I don’t even want to contemplate that, I want the wife
and the two kids and my dog (no matter how much I seem to deny it), I want
friendship, I want people who like me just because I’m a regular kind of guy, I
will never be the leader of the pack (I have never wanted to be) I just want to
wake up and like myself. Many times I have written replies to people who talk
to me about my blogs, and I always say as long as I can wake up happy then it’s
a good day to be alive, and I genuinely do feel that way about life, I’m not
too concerned about the general lack of disposable income, as I have said many
times I have never had much and by the looks of things I never will, but as
long as I’m happy when I wake up I consider myself a very lucky man. Add the
poison that has been slowly infecting my waking and un-waking hours, it’s a
miracle that I have managed to get this far! My wife has helped tremendously
and I know it hasn’t been plain sailing; she has helped shore up my defences
simply for being there to talk to me at the right moment, there is a silent
understanding of sorts, I’m not saying that she has a deep understanding of me
and my many issues, but she has stood by me through the bad times and the worse
times, thankfully I can say she has been the cause of most of the good times!

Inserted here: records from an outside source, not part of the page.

(* With [A x := F (x, f x)], [O n] is the [1/(n+1)]-neighbourhood of [A] minus
   [q n] when [q n] is not in [A]: its intersection is the closure of [A] minus
   the rationals outside [A], and the irrational points of this closure lie in
   [A] by continuity of [f] there. *)
Lemma graph_H1_retract : H1_retract Xsq graph.
Proof.
  exists (fun p => (fst p, f (fst p))); split; [split|].
  - intros p [Hx _]; apply graph_intro, Hx.
  - intros F [_ [_ HFopen]].
    set (A := fun x => F (x, f x)).
    set (O := fun n x => (exists y, 0 <= y <= 1 /\ A y /\ Rabs (y - x) < / INR (S n))
                         /\ (~ A (q n) -> x <> q n)).
    apply (G_delta_cylinder A O).
    + intros n x Hx [[y [Hy [HAy Hyx]]] Hqn].
      assert (Hd2 : exists d, 0 < d /\ forall z, Rabs (z - x) < d -> ~ A (q n) -> z <> q n).
      { destruct (classic (A (q n))) as [HA|HA]; [exists 1; split; [lra|tauto]|].
        exists (Rabs (x - q n)); split; [apply Rabs_pos_lt, Rminus_eq_contra, Hqn, HA|].
        intros z Hz _ ->; rewrite Rabs_minus_sym in Hz; lra. }
      destruct Hd2 as [d2 [Hd2 Hz2]].
      exists (Rmin (/ INR (S n) - Rabs (y - x)) d2); split; [apply Rmin_pos; lra|].
      intros z Hz Hzx; pose proof (Rmin_l (/ INR (S n) - Rabs (y - x)) d2);
        pose proof (Rmin_r (/ INR (S n) - Rabs (y - x)) d2).
      split; [exists y; split; [exact Hy|split; [exact HAy|split_Rabs; lra]]|].
      apply Hz2; lra.
    + intros x Hx; split.
      * intros HAx n; split; [exists x; split; [exact Hx|split; [exact HAx|]]|].
        -- rewrite Rminus_diag, Rabs_R0; apply Rinv_0_lt_compat, lt_0_INR; lia.
        -- intros HA Hxq; apply HA; rewrite <- Hxq; exact HAx.
      * intros HO; apply NNPP; intro HAx.
        destruct (classic (exists m, x = q m)) as [[m ->]|Hirr];
          [exact (proj2 (HO m) HAx eq_refl)|].
        assert (Hxirr : irrational01 x) by (apply irrational01_intro; assumption).
        destruct (HFopen (x, f x)) as [e [He Hgraph]]; [split; [apply graph_intro, Hx|exact HAx]|].
        destruct (f_continuous_irrational x Hxirr e He) as [d [Hd Hfd]].
        destruct (archimed_cor1 (Rmin e d)) as [[|n] [Hn Hn0]]; [apply Rmin_pos; lra|lia|].
        pose proof (Rmin_l e d); pose proof (Rmin_r e d).
        destruct (proj1 (HO n)) as [y [Hy [HAy Hyx]]].
        specialize (Hfd y Hy ltac:(lra)).
        apply (proj2 (Hgraph (y, f y) (graph_intro y Hy) ltac:(unfold dist2; simpl;
          apply Rmax_lub_lt; split_Rabs; lra))), HAy.
  - intros [x y] [_ Hy]; simpl in *; subst; reflexivity.
Qed.
Definition parentb (s t : T) : bool :=
  word_eqb (word s) (removelast (word t)) &&
  negb (match word t with [] => true | _ => false end).
Definition parent (s t : T) : Prop := parentb s t = true.
Definition adj (s t : T) : Prop := parent s t \/ parent t s.

Definition is_aut (g h : T -> T) : Prop :=
  (forall t, g (h t) = t) /\ (forall t, h (g t) = t) /\
  (forall s t, adj s t <-> adj (g s) (g t)).

Definition V : Type := T -> Cx.
Definition vadd (x y : V) : V := fun t => Cadd (x t) (y t).
Definition vscale (c : Cx) (x : V) : V := fun t => Cmul c (x t).

Definition lsum (f : T -> R) (l : list T) : R := fold_right (fun t acc => f t + acc) 0 l.
Definition Csum (f : T -> Cx) (l : list T) : Cx := fold_right (fun t acc => Cadd (f t) acc) C0 l.

(** [sqsum_le x M] : ||x||_2^2 <= M  (the squared l_2 norm is the sup of finite partial sums). *)
Definition sqsum_le (x : V) (M : R) : Prop :=
  forall l : list T, NoDup l -> lsum (fun t => Cnorm2 (x t)) l <= M.
Definition l2 (x : V) : Prop := exists M, sqsum_le x M.
(** Hilbert direct sum l_2 (+) l_2 : ||x||^2 + ||y||^2 <= M *)
Definition sqsum2_le (p : V * V) (M : R) : Prop :=
  forall l1 l2 : list T, NoDup l1 -> NoDup l2 ->
    lsum (fun t => Cnorm2 (fst p t)) l1 + lsum (fun t => Cnorm2 (snd p t)) l2 <= M.
Lemma is_derive_mult_BesselK1 z : 0 < z ->
  is_derive (fun y => y * BesselK 1 y) z (- (z * BesselK 0 z)).
Proof.
  intros Hz.
  apply is_derive_ext_loc with (f := fun y => y * RInt (K_kernel 1 y) 0 1).
  { apply (filter_imp (fun y => 0 < y)); [|apply (open_gt 0), Hz].
    intros y Hy. rewrite BesselK_RInt_K_kernel; [reflexivity | lia | exact Hy]. }
  replace (- (z * BesselK 0 z))
    with (1 * RInt (K_kernel 1 z) 0 1 + z * - RInt (K_kernel 2 z) 0 1).
  2:{ rewrite BesselK_RInt_K_kernel by (lia || exact Hz).
      pose proof (K_kernel_recurrence z Hz). lra. }
  apply (is_derive_mult (fun y => y) (fun y => RInt (K_kernel 1 y) 0 1));
    [apply (is_derive_id (K := R_AbsRing)) | apply is_derive_RInt_K_kernel, Hz | apply Rmult_comm].
Qed.

Lemma BesselK_pos n z : (n <= 1)%nat -> 0 < z -> 0 < BesselK n z.
Proof.
  intros Hn Hz. rewrite BesselK_RInt_K_kernel by assumption.
  apply RInt_gt_0; [lra| |intros u _; apply K_kernel_continuous_in_u, Hz].
  intros u Hu. unfold K_kernel. destruct (Rle_dec u 0); [lra|].
  pose proof (ch_pos u ltac:(lra)).
  apply Rdiv_lt_0_compat; [apply Rmult_lt_0_compat; [apply pow_lt|apply exp_pos]|]; lra.
Qed.

(** * The Bessel profile and the boundary value problem *)

Definition bessel_comb0 (C1 C2 z : R) : R := C1 * BesselI 0 z + C2 * BesselK 0 z.
Definition bessel_comb1 (C1 C2 z : R) : R := C1 * BesselI 1 z - C2 * BesselK 1 z.

Lemma is_derive_bessel_comb0 C1 C2 z : 0 < z ->
  is_derive (bessel_comb0 C1 C2) z (bessel_comb1 C1 C2 z).
Proof.
  intros Hz. unfold bessel_comb1.
  replace (C1 * BesselI 1 z - C2 * BesselK 1 z)
    with (C1 * BesselI 1 z + C2 * - BesselK 1 z) by ring.
  apply (is_derive_plus (fun y => C1 * BesselI 0 y) (fun y => C2 * BesselK 0 y)).
  - apply (is_derive_scal (BesselI 0)), is_derive_BesselI0.
  - apply (is_derive_scal (BesselK 0)), is_derive_BesselK0, Hz.
Qed.

Lemma is_derive_mult_bessel_comb1 C1 C2 z : 0 < z ->
  is_derive (fun y => y * bessel_comb1 C1 C2 y) z (z * bessel_comb0 C1 C2 z).
Proof.
  intros Hz.
  apply is_derive_ext with
    (f := fun y => C1 * (y * BesselI 1 y) + C2 * - (y * BesselK 1 y)).
  { intros y. change (NormedModule.sort _ _) with R. unfold bessel_comb1. ring. }
  replace (z * bessel_comb0 C1 C2 z)
    with (C1 * (z * BesselI 0 z) + C2 * - - (z * BesselK 0 z))
    by (unfold bessel_comb0; ring).
  apply (is_derive_plus (fun y => C1 * (y * BesselI 1 y))
                        (fun y => C2 * - (y * BesselK 1 y))).
  - apply (is_derive_scal (fun y => y * BesselI 1 y)), is_derive_mult_BesselI1.
  - apply (is_derive_scal (fun y => - (y * BesselK 1 y))).
    apply (is_derive_opp (fun y => y * BesselK 1 y)), is_derive_mult_BesselK1, Hz.
Qed.

Definition bessel_arg (delta c x : R) : R := 2 * sqrt (delta * (c - x)).

Lemma bessel_arg_pos delta c x : 0 < delta -> x < c -> 0 < bessel_arg delta c x.
Proof.
  intros Hd Hx. unfold bessel_arg.
  pose proof (sqrt_lt_R0 (delta * (c - x)) ltac:(nra)). lra.
Qed.

Lemma bessel_arg_sqr delta c x : 0 < delta -> x < c ->
  bessel_arg delta c x * bessel_arg delta c x = 4 * (delta * (c - x)).
Proof.
  intros Hd Hx. unfold bessel_arg.
  rewrite <- (sqrt_sqrt (delta * (c - x))) at 3 by nra. ring.
Qed.

Lemma is_derive_bessel_arg delta c x : 0 < delta -> x < c ->
  is_derive (bessel_arg delta c) x (- 2 * delta / bessel_arg delta c x).
Proof.
  intros Hd Hx. pose proof (bessel_arg_pos delta c x Hd Hx) as Hz.
  unfold bessel_arg in *. auto_derive; [nra|].
  replace (c + - x) with (c - x) by ring. field. lra.
Qed.

Lemma sqrt_div_bessel_arg delta c x : 0 < delta -> x < c ->
  sqrt ((c - x) / delta) = bessel_arg delta c x / (2 * delta).
Proof.
  intros Hd Hx. unfold bessel_arg.
  replace ((c - x) / delta) with (delta * (c - x) / (delta * delta)) by (field; lra).
  rewrite sqrt_div_alt, sqrt_square by nra. field. lra.
Qed.

Definition bessel_flux (C1 C2 delta c x : R) : R :=
  - (bessel_arg delta c x * bessel_comb1 C1 C2 (bessel_arg delta c x)) / (2 * delta).

Lemma is_derive_bessel_comb0_arg C1 C2 delta c x : 0 < delta -> x < c ->
  is_derive (fun y => bessel_comb0 C1 C2 (bessel_arg delta c y)) x
    (delta / (c - x) * bessel_flux C1 C2 delta c x).
Proof.
  intros Hd Hx. pose proof (bessel_arg_pos delta c x Hd Hx) as Hz.
  pose proof (bessel_arg_sqr delta c x Hd Hx) as Hz2.
  set (z := bessel_arg delta c x) in *.
  replace (delta / (c - x) * bessel_flux C1 C2 delta c x)
    with (- 2 * delta / z * bessel_comb1 C1 C2 z).
  2:{ unfold bessel_flux. fold z.
      replace (c - x) with (z * z / (4 * delta)) by (rewrite Hz2; field; lra).
      field. lra. }
  apply (is_derive_comp (bessel_comb0 C1 C2) (bessel_arg delta c)).
  - apply is_derive_bessel_comb0, Hz.
  - apply is_derive_bessel_arg; assumption.
Qed.
(* Let $R$ be a commutative ring with nonzero identity, $\delta$ an expansion of ideals of $R$, and $I$ a proper ideal of $R$ with $\delta(I)\neq R$. If $I$ is a $\delta$-$n$-ideal of $R$, then $I\subseteq\sqrt{0}$.
   Context: An expansion of ideals of a ring $R$ is a map $\delta$ from the set of ideals of $R$ to itself such that $I\subseteq\delta(I)$ for every ideal $I$, and $\delta(I)\subseteq\delta(J)$ whenever $I\subseteq J$. $\sqrt{0}$ denotes the nilradical of $R$. Given an expansion $\delta$, a proper ideal $I$ of $R$ is a $\delta$-$n$-ideal if whenever $a,b\in R$ with $ab\in I$ and $a\notin\sqrt{0}$, then $b\in\delta(I)$. *)

From mathcomp Require Import all_boot all_algebra.
Set Implicit Arguments. Unset Strict Implicit. Unset Printing Implicit Defensive.
Import GRing.Theory.
Local Open Scope ring_scope.

Definition is_ideal_of (R : comNzRingType) (I : R -> Prop) : Prop :=
  [/\ I 0, (forall x y, I x -> I y -> I (x + y)) & (forall a x, I x -> I (a * x))].

Definition proper_ideal_of (R : comNzRingType) (I : R -> Prop) : Prop :=
  is_ideal_of I /\ exists x, ~ I x.

Definition nilradical (R : comNzRingType) (x : R) : Prop := exists n : nat, x ^+ n = 0.

Definition expansion (R : comNzRingType) (delta : (R -> Prop) -> (R -> Prop)) : Prop :=
  [/\ (forall I, is_ideal_of I -> is_ideal_of (delta I)),
      (forall I, is_ideal_of I -> forall x, I x -> delta I x) &
      (forall I J, is_ideal_of I -> is_ideal_of J -> (forall x, I x -> J x) ->
         forall x, delta I x -> delta J x)].

Definition delta_n_ideal (R : comNzRingType) (delta : (R -> Prop) -> (R -> Prop))
  (I : R -> Prop) : Prop :=
  proper_ideal_of I /\
  forall a b : R, I (a * b) -> ~ nilradical a -> delta I b.

From mathcomp Require Import all_boot all_algebra.
From Stdlib Require Import Classical.
Import GRing.Theory.
Local Open Scope ring_scope.

Lemma delta_n_ideal_full {R : comNzRingType} {delta : (R -> Prop) -> (R -> Prop)}
    {I : R -> Prop} {a : R} :
  delta_n_ideal delta I -> I a -> ~ nilradical a -> forall b, delta I b.
Proof.
move=> [[[_ _ I_mul] _] n_ideal] Ia a_nnil b.
by apply: (n_ideal a b) => //; rewrite mulrC; apply: I_mul.
Qed.

Theorem proposition2p3 (R : comNzRingType) (delta : (R -> Prop) -> (R -> Prop))
  (I : R -> Prop) :
  expansion delta -> proper_ideal_of I -> (exists x, ~ delta I x) ->
  delta_n_ideal delta I -> forall x, I x -> nilradical x.
Proof.
move=> _ _ [b not_delta_b] n_ideal x Ix.
apply: NNPP => x_nnil; apply: not_delta_b.
exact: (delta_n_ideal_full n_ideal Ix x_nnil).
Qed.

I will continue to monitor the post, to see if anything
new arrives some glimmer of hope, I have tried all of my tricks and I’m a spent
force at the moment that small glimmer of hope has faded like the summer that
was just starting as I asked for a helping hand, autumn races past us like a
formula one car hurtling towards the darkness that is winter and those long
cold months where when I most need the sunlight it’s mainly blotted out by my depressive
nature and my intention of not being allowed to lead a normal life.